**MATERIAL FOR THIS TASK:**
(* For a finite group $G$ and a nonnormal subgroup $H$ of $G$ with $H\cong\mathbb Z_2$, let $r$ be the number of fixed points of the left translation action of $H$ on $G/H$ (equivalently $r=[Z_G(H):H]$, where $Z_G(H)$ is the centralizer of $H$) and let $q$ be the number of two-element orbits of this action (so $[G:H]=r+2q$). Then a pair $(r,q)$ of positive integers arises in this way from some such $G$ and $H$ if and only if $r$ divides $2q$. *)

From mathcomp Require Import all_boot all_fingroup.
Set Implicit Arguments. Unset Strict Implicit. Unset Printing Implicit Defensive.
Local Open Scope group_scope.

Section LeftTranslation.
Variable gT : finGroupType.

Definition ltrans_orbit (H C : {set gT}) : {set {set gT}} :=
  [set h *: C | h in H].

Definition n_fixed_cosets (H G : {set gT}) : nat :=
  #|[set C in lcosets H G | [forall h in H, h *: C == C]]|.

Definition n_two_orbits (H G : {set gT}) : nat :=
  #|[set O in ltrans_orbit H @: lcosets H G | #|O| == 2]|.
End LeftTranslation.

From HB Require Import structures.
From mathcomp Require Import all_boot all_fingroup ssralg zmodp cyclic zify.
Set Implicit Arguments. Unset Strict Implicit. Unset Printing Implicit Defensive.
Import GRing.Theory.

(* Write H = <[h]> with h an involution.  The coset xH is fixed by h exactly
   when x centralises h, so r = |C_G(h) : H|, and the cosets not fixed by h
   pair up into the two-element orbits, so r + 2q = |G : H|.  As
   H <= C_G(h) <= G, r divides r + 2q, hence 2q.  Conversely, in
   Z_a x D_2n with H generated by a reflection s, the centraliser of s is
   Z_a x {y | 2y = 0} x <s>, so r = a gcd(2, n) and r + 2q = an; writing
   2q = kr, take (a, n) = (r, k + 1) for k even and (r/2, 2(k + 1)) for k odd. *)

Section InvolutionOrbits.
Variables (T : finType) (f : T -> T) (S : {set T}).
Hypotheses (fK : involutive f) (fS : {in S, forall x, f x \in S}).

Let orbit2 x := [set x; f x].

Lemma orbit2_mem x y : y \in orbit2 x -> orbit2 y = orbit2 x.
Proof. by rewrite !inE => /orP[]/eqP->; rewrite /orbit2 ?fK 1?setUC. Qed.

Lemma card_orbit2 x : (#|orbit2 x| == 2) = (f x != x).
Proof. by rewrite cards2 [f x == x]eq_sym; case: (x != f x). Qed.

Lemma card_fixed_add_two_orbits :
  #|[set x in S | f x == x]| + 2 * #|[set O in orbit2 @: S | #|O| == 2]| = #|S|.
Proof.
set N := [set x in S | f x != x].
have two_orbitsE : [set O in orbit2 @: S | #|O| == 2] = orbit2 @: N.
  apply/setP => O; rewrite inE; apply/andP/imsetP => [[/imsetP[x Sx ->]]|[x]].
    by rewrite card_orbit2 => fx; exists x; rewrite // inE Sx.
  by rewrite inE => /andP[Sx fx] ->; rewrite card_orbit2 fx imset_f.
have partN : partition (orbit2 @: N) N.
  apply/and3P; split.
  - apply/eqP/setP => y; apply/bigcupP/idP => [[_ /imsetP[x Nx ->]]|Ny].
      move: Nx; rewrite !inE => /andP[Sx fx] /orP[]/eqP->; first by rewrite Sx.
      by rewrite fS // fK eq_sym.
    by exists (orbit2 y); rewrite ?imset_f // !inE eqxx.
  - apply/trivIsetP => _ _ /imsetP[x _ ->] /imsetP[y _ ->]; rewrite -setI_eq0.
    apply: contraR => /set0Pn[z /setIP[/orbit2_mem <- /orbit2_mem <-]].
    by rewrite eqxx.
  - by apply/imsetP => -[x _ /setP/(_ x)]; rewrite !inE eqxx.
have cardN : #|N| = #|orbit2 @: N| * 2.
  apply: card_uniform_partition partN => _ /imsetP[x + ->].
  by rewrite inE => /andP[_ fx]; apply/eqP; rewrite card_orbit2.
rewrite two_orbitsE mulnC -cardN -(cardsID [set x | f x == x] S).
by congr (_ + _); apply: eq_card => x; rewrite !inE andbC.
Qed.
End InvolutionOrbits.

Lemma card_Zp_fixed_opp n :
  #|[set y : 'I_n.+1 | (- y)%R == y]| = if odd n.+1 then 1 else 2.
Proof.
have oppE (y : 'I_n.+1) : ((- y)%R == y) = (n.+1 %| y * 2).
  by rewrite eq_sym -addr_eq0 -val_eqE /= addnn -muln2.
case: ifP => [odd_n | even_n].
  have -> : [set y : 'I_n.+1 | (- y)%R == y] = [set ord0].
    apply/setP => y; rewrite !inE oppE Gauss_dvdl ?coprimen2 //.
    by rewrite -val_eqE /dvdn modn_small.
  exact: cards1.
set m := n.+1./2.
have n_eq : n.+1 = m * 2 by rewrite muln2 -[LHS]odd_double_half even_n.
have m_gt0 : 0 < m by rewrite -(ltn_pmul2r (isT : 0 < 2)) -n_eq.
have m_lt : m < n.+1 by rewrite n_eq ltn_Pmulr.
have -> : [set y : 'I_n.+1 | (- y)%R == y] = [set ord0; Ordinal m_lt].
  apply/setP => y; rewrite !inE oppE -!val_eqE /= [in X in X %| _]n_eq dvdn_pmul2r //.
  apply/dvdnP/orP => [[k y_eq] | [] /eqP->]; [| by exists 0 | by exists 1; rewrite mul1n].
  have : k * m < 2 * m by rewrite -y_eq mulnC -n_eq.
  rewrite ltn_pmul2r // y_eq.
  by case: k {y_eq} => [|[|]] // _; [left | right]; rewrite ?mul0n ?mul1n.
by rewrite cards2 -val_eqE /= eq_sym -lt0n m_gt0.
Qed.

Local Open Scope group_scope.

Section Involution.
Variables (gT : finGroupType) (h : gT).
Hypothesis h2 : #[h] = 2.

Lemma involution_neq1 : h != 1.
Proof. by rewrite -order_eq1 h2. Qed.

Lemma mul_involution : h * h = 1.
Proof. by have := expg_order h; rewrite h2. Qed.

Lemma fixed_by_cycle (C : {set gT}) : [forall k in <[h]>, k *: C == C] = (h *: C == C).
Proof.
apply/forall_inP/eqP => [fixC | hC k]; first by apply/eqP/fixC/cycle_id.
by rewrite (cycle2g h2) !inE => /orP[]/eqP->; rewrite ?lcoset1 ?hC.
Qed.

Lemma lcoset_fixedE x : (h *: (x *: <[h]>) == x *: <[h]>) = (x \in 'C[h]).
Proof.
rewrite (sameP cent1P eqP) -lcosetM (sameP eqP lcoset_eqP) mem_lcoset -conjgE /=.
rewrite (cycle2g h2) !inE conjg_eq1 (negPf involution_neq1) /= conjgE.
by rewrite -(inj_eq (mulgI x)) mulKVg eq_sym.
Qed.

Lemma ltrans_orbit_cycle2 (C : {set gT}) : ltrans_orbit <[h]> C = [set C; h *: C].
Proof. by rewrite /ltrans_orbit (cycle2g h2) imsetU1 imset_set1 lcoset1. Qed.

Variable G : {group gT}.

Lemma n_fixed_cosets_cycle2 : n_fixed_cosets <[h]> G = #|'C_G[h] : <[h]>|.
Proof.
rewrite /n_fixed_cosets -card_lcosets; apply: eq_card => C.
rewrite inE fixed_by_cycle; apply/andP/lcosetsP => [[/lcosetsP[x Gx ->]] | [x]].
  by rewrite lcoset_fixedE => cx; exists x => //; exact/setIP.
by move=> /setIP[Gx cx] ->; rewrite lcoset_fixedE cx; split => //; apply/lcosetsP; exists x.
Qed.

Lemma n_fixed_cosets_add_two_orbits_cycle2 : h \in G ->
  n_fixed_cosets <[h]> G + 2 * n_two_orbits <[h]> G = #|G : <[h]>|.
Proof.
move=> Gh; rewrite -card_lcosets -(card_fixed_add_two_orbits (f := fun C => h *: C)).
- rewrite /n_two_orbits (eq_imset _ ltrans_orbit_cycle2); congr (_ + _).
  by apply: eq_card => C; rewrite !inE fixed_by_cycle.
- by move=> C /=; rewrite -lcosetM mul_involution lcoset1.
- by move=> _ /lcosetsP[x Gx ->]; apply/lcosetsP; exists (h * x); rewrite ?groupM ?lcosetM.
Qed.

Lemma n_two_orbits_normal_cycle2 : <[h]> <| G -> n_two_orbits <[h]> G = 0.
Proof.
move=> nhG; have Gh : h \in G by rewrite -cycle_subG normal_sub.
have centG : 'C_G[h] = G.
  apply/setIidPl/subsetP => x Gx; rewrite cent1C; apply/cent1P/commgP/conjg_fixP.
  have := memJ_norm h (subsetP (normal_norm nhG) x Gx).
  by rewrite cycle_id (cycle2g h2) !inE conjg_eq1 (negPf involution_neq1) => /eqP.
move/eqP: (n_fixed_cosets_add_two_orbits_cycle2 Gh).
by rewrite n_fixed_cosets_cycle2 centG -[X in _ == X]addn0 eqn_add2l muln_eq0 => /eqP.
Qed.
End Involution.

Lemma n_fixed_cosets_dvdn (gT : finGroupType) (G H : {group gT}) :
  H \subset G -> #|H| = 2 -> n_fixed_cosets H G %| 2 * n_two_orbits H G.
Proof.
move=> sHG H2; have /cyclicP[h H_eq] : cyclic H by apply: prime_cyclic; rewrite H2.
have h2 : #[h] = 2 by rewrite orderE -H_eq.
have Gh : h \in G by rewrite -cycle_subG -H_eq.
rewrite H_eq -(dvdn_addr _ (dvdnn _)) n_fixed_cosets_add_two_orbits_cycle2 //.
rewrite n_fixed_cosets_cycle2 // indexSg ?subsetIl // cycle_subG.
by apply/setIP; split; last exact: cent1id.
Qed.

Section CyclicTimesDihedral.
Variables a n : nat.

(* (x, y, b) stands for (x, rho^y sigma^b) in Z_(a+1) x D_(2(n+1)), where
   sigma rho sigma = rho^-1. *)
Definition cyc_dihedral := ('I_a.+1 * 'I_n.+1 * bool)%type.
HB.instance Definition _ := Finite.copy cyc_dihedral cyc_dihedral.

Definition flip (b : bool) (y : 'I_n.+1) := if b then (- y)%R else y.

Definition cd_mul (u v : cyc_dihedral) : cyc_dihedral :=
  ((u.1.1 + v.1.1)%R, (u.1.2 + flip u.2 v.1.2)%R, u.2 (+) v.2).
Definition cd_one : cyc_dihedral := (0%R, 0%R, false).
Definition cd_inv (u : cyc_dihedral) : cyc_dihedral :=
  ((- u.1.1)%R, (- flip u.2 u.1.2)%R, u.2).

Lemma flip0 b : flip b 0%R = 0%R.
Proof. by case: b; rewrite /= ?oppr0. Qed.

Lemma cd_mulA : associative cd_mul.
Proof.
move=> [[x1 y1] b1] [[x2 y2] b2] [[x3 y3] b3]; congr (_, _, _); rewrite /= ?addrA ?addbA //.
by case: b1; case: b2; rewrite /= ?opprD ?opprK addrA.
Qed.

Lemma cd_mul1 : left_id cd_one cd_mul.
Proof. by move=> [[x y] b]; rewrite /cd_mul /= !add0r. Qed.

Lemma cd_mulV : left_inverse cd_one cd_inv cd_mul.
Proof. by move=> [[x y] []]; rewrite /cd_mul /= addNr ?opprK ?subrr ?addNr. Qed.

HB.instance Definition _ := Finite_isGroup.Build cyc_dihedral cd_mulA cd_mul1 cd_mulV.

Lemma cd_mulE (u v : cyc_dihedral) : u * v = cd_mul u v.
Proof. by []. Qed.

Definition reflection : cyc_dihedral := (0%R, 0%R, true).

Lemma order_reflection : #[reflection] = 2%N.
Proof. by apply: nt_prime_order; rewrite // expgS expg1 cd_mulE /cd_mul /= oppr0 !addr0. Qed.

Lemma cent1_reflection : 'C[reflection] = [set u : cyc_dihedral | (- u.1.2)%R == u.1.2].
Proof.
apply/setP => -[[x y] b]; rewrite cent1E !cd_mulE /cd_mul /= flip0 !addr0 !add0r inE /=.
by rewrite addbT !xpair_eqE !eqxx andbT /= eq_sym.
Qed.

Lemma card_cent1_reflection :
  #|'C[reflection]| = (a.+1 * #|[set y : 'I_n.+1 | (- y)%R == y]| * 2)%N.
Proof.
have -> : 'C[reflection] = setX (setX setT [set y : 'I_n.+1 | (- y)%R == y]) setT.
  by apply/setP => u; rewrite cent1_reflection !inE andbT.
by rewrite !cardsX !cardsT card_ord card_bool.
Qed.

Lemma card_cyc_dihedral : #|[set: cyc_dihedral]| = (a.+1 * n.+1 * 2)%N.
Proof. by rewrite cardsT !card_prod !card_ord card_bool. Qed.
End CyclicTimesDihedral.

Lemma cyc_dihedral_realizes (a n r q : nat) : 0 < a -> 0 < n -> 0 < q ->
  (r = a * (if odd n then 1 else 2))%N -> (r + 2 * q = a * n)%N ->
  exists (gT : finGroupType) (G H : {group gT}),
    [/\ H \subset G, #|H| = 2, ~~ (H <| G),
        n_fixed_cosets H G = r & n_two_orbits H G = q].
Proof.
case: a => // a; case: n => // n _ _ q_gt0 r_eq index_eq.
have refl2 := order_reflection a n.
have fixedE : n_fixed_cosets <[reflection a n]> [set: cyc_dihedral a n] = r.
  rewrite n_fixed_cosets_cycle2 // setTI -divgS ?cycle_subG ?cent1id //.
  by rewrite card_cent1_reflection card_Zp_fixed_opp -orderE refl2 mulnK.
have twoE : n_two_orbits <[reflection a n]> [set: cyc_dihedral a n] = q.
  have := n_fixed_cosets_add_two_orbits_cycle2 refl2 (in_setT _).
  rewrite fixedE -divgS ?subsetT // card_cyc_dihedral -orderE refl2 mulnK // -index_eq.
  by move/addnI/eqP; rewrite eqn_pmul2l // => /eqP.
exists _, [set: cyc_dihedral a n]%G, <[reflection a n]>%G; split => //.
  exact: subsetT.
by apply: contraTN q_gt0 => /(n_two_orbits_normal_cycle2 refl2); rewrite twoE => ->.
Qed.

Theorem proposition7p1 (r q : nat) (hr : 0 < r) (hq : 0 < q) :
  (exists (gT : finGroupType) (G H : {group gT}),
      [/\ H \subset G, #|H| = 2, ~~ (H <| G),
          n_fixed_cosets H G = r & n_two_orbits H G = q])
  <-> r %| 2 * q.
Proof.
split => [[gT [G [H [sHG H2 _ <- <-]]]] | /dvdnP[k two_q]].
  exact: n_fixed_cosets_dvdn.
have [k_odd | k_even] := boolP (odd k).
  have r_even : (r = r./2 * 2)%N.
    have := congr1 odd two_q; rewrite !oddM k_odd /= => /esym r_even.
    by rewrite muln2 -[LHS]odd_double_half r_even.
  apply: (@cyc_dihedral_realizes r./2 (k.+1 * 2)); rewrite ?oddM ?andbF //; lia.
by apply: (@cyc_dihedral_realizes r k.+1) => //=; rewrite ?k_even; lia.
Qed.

**EXERCISE AIM:** Above are the lines; repeat exactly the ones from the line containing "have oppE (y" down to the line containing "have m_gt0 : 0", both inclusive.

**SOLUTION TO THIS TASK:**
have oppE (y : 'I_n.+1) : ((- y)%R == y) = (n.+1 %| y * 2).
  by rewrite eq_sym -addr_eq0 -val_eqE /= addnn -muln2.
case: ifP => [odd_n | even_n].
  have -> : [set y : 'I_n.+1 | (- y)%R == y] = [set ord0].
    apply/setP => y; rewrite !inE oppE Gauss_dvdl ?coprimen2 //.
    by rewrite -val_eqE /dvdn modn_small.
  exact: cards1.
set m := n.+1./2.
have n_eq : n.+1 = m * 2 by rewrite muln2 -[LHS]odd_double_half even_n.
have m_gt0 : 0 < m by rewrite -(ltn_pmul2r (isT : 0 < 2)) -n_eq.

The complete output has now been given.